━━ Supplied information
(* While d stays above eps, each window sum drops by eps a_t. *)
Lemma decay_to_zero (d a : nat -> R) L :
  (forall t, 0 <= d t) -> (forall t, d (S t) <= d t) -> (forall t, 0 <= a t) ->
  (forall t, d (t + L)%nat <= (1 - a t) * d t) ->
  cv_infty (sum_f_R0 a) -> Un_cv d 0.
Proof.
  intros Hd Hdec Ha Hwin Hdiv eps Heps.
  destruct (classic (exists T, d T < eps)) as [[T HT]|Hnone].
  - exists T; intros t Ht. pose proof (antitone_of_step d Hdec T t Ht).
    unfold R_dist; rewrite Rminus_0_r, Rabs_right; [lra | apply Rle_ge, Hd].
  - exfalso.
    assert (Hge : forall t, eps <= d t).
    { intro t; apply Rnot_lt_le; intro Hlt; apply Hnone; eauto. }
    assert (Hdrop : forall T, window_sum d (S T) L <= window_sum d 0 L - eps * sum_f_R0 a T).
    { induction T as [|T IH]; rewrite window_sum_succ; simpl.
      - specialize (Hwin 0%nat); specialize (Hge 0%nat); specialize (Ha 0%nat); simpl in *; nra.
      - specialize (Hwin (S T)); specialize (Hge (S T)); specialize (Ha (S T)); simpl in *; nra. }
    destruct (Hdiv (window_sum d 0 L / eps)) as [N HN].
    specialize (HN N (le_n N)). specialize (Hdrop N).
    pose proof (window_sum_nonneg d (S N) L Hd).
    apply Rmult_lt_compat_l with (r := eps) in HN; auto.
    replace (eps * (window_sum d 0 L / eps)) with (window_sum d 0 L) in HN by (field; lra). lra.
Qed.

Lemma cv_infty_tail (g : nat -> R) K :
  cv_infty (sum_f_R0 g) -> cv_infty (sum_f_R0 (fun t => g (S K + t)%nat)).
Proof.
  intros Hdiv M. destruct (Hdiv (M + sum_f_R0 g K)) as [N HN].
  exists N. intros t Ht. specialize (HN (S K + t)%nat ltac:(lia)).
  rewrite (tech2 g K (S K + t)) in HN by lia.
  replace (S K + t - S K)%nat with t in HN by lia. lra.
Qed.

Lemma squeeze_cv (lo d y : nat -> R) z :
  Un_cv lo z -> Un_cv d 0 -> (forall t, lo t <= y t <= lo t + d t) -> Un_cv y z.
Proof.
  intros Hlo Hd Hy eps Heps.
  destruct (Hlo (eps / 2)) as [N1 HN1]; [lra|].
  destruct (Hd (eps / 2)) as [N2 HN2]; [lra|].
  exists (max N1 N2). intros t Ht.
  specialize (HN1 t ltac:(lia)). specialize (HN2 t ltac:(lia)). specialize (Hy t).
  unfold R_dist in *. rewrite Rminus_0_r in HN2.
  apply Rabs_def2 in HN1. apply Rabs_def2 in HN2. apply Rabs_def1; lra.
Qed.

Theorem consensus_nonincreasing_alpha n E B eta alpha :
  (0 < n)%nat -> UJSC n E B -> in_A_ave eta alpha ->
  (forall k, alpha k >= alpha (S k)) ->
  cv_infty (sum_f_R0 (fun k => alpha k ^ ((n - 1) * B))) ->
  global_consensus n E eta alpha.
Proof.
  intros Hn Hconn Hparam Hmono Hdiv k0 x0.
  set (L := ((n - 1) * B)%nat) in *.
  set (y := traj n E eta alpha k0 x0).
  set (lo := fun t => net_min n (y t)).
  set (hi := fun t => net_max n (y t)).
  set (d := fun t => hi t - lo t).
  assert (Hpos : forall k, 0 <= alpha k) by (intro k; apply Hparam).
  assert (Hanti : forall k, alpha (S k) <= alpha k) by (intro k; apply Rge_le, Hmono).
  assert (Hlo_grow : Un_growing lo) by (intro t; apply net_min_step; auto).
  assert (Hhi_dec : forall t, hi (S t) <= hi t) by (intro t; apply net_max_step; auto).
  assert (Hd_nonneg : forall t, 0 <= d t).
  { intro t; pose proof (net_min_le_max n Hn (y t)); unfold d, hi, lo; lra. }
  assert (Hd_dec : forall t, d (S t) <= d t).
  { intro t; specialize (Hlo_grow t); specialize (Hhi_dec t); unfold d; lra. }
  (* a t is a term of the divergent series bounded by the window product at t. *)
  set (a := fun t => alpha (S (k0 + L) + t)%nat ^ L).
  assert (Hwin : forall t, d (t + L)%nat <= (1 - a t) * d t).
  { intro t. pose proof (window_contraction n E eta alpha Hparam Hn B Hconn (k0 + t) (y t)) as Hc.
    assert (a t <= alpha_prod alpha (k0 + t) L) by (apply alpha_prod_lb; auto; lia).
    unfold d, hi, lo, y in *; rewrite traj_add; fold L in Hc. specialize (Hd_nonneg t). nra. }
  assert (Hd0 : Un_cv d 0).
  { apply (decay_to_zero d a L); auto.
    - intro t; apply pow_le; auto.
    - apply (cv_infty_tail (fun k => alpha k ^ L)); auto. }
  (* The minimum is nondecreasing and bounded by the initial maximum. *)
  destruct (growing_cv lo Hlo_grow) as [z Hz].
  { exists (hi 0%nat). intros r [t ->].
    pose proof (antitone_of_step hi Hhi_dec 0 t ltac:(lia)).
    specialize (Hd_nonneg t). unfold d in *. lra. }
  exists z. intros i Hi. apply (squeeze_cv lo d); auto.
  intro t. pose proof (net_min_le n (y t) i Hi). pose proof (net_max_ge n (y t) i Hi).
  unfold d, hi, lo, y in *; lra.
Qed.

Lemma traj_opp n E eta alpha k0 x0 m :
  traj n E eta (fun k => 1 - alpha k - eta k) k0 (fun i => - x0 i) m
  = fun i => - traj n E eta alpha k0 x0 m i.
Proof.
  induction m; simpl; auto. rewrite IHm. apply functional_extensionality; intro i.
  unfold step, nbr_min, nbr_max. rewrite fold_min_opp, fold_max_opp. ring.
Qed.

Lemma consensus_of_complement n E eta alpha :
  global_consensus n E eta (fun k => 1 - alpha k - eta k) -> global_consensus n E eta alpha.
Proof.
  intros Hc k0 x0. destruct (Hc k0 (fun i => - x0 i)) as [z Hz].
  exists (- z). intros i Hi eps Heps.
  destruct (CV_opp _ _ (Hz i Hi) eps Heps) as [N HN]. exists N. intros m Hm.
  specialize (HN m Hm). unfold opp_seq in HN. rewrite traj_opp, Ropp_involutive in HN. auto.
Qed.

Theorem corollary2 (n : nat) (E : graph_seq) (B : nat) (eta alpha : nat -> R) :
  (3 <= n)%nat ->
  UJSC n E B ->
  in_A_ave eta alpha ->
  ((forall k, alpha k >= alpha (S k)) ->
   cv_infty (fun N => sum_f_R0 (fun k => alpha k ^ ((n - 1) * B)) N) ->
   global_consensus n E eta alpha)
  /\
  ((forall k, alpha k + eta k <= alpha (S k) + eta (S k)) ->
   cv_infty (fun N => sum_f_R0 (fun k => (1 - alpha k - eta k) ^ ((n - 1) * B)) N) ->
   global_consensus n E eta alpha).
Proof.
  intros Hn Hconn Hparam. split.
  - intros Hmono Hdiv. apply (consensus_nonincreasing_alpha n E B); auto; lia.
  - intros Hmono Hdiv. apply consensus_of_complement.
    apply (consensus_nonincreasing_alpha n E B); auto; [lia | |].
    + intro k; specialize (Hparam k); lra.
    + intro k; specialize (Hmono k); lra.
Qed.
━━━━
→ **What you will do**:
Copy only this part of the entries above: the line with "destruct (Hlo (eps", the line with "intro t; specialize", and the lines between, all exactly as written.

→ **Response box**:
  destruct (Hlo (eps / 2)) as [N1 HN1]; [lra|].
  destruct (Hd (eps / 2)) as [N2 HN2]; [lra|].
  exists (max N1 N2). intros t Ht.
  specialize (HN1 t ltac:(lia)). specialize (HN2 t ltac:(lia)). specialize (Hy t).
  unfold R_dist in *. rewrite Rminus_0_r in HN2.
  apply Rabs_def2 in HN1. apply Rabs_def2 in HN2. apply Rabs_def1; lra.
Qed.

Theorem consensus_nonincreasing_alpha n E B eta alpha :
  (0 < n)%nat -> UJSC n E B -> in_A_ave eta alpha ->
  (forall k, alpha k >= alpha (S k)) ->
  cv_infty (sum_f_R0 (fun k => alpha k ^ ((n - 1) * B))) ->
  global_consensus n E eta alpha.
Proof.
  intros Hn Hconn Hparam Hmono Hdiv k0 x0.
  set (L := ((n - 1) * B)%nat) in *.
  set (y := traj n E eta alpha k0 x0).
  set (lo := fun t => net_min n (y t)).
  set (hi := fun t => net_max n (y t)).
  set (d := fun t => hi t - lo t).
  assert (Hpos : forall k, 0 <= alpha k) by (intro k; apply Hparam).
  assert (Hanti : forall k, alpha (S k) <= alpha k) by (intro k; apply Rge_le, Hmono).
  assert (Hlo_grow : Un_growing lo) by (intro t; apply net_min_step; auto).
  assert (Hhi_dec : forall t, hi (S t) <= hi t) by (intro t; apply net_max_step; auto).
  assert (Hd_nonneg : forall t, 0 <= d t).
  { intro t; pose proof (net_min_le_max n Hn (y t)); unfold d, hi, lo; lra. }
  assert (Hd_dec : forall t, d (S t) <= d t).
  { intro t; specialize (Hlo_grow t); specialize (Hhi_dec t); unfold d; lra. }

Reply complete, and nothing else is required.